Take each line below that has "From" and copy it.

MATERIAL PROVIDED:
::::

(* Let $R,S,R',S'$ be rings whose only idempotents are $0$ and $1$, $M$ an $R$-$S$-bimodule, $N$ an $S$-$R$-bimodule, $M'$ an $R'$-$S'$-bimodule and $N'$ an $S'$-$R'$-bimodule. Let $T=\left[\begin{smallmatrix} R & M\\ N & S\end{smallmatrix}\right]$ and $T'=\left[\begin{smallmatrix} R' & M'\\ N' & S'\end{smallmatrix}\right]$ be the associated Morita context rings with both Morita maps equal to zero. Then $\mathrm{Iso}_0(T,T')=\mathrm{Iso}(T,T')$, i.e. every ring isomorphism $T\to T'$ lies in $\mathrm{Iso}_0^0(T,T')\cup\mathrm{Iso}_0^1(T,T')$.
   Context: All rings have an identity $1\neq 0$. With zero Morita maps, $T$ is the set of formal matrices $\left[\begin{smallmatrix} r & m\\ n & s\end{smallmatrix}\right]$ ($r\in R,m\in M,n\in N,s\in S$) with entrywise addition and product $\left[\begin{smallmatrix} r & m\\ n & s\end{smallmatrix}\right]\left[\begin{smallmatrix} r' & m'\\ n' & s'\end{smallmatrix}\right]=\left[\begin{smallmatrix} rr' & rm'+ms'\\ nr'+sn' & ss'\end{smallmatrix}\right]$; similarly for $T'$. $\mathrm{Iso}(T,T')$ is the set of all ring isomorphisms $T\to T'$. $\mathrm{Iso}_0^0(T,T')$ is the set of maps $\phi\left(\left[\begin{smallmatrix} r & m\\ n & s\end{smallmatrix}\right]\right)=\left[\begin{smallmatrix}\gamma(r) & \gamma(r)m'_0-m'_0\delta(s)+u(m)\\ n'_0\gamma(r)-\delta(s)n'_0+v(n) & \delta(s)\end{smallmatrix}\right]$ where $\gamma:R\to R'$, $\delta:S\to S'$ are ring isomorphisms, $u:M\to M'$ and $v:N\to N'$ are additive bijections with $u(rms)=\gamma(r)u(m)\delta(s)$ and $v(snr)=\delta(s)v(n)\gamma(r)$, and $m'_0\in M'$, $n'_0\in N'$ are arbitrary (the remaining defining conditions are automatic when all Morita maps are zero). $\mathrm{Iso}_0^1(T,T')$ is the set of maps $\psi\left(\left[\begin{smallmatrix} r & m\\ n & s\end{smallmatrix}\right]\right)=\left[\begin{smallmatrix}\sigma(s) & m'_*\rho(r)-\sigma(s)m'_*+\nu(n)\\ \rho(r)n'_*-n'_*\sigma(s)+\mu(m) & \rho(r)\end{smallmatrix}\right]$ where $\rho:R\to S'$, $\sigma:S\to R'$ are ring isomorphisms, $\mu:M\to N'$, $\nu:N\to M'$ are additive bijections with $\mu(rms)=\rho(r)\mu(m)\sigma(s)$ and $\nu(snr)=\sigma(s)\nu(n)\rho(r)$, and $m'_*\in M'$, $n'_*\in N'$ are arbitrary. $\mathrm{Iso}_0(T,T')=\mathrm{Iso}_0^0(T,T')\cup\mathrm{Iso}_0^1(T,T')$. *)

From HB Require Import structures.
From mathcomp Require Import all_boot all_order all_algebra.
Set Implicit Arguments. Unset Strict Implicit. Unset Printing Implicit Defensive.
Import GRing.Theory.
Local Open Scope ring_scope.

::::

REPLY TO THE EXERCISE:
From HB Require Import structures.
From mathcomp Require Import all_boot all_order all_algebra.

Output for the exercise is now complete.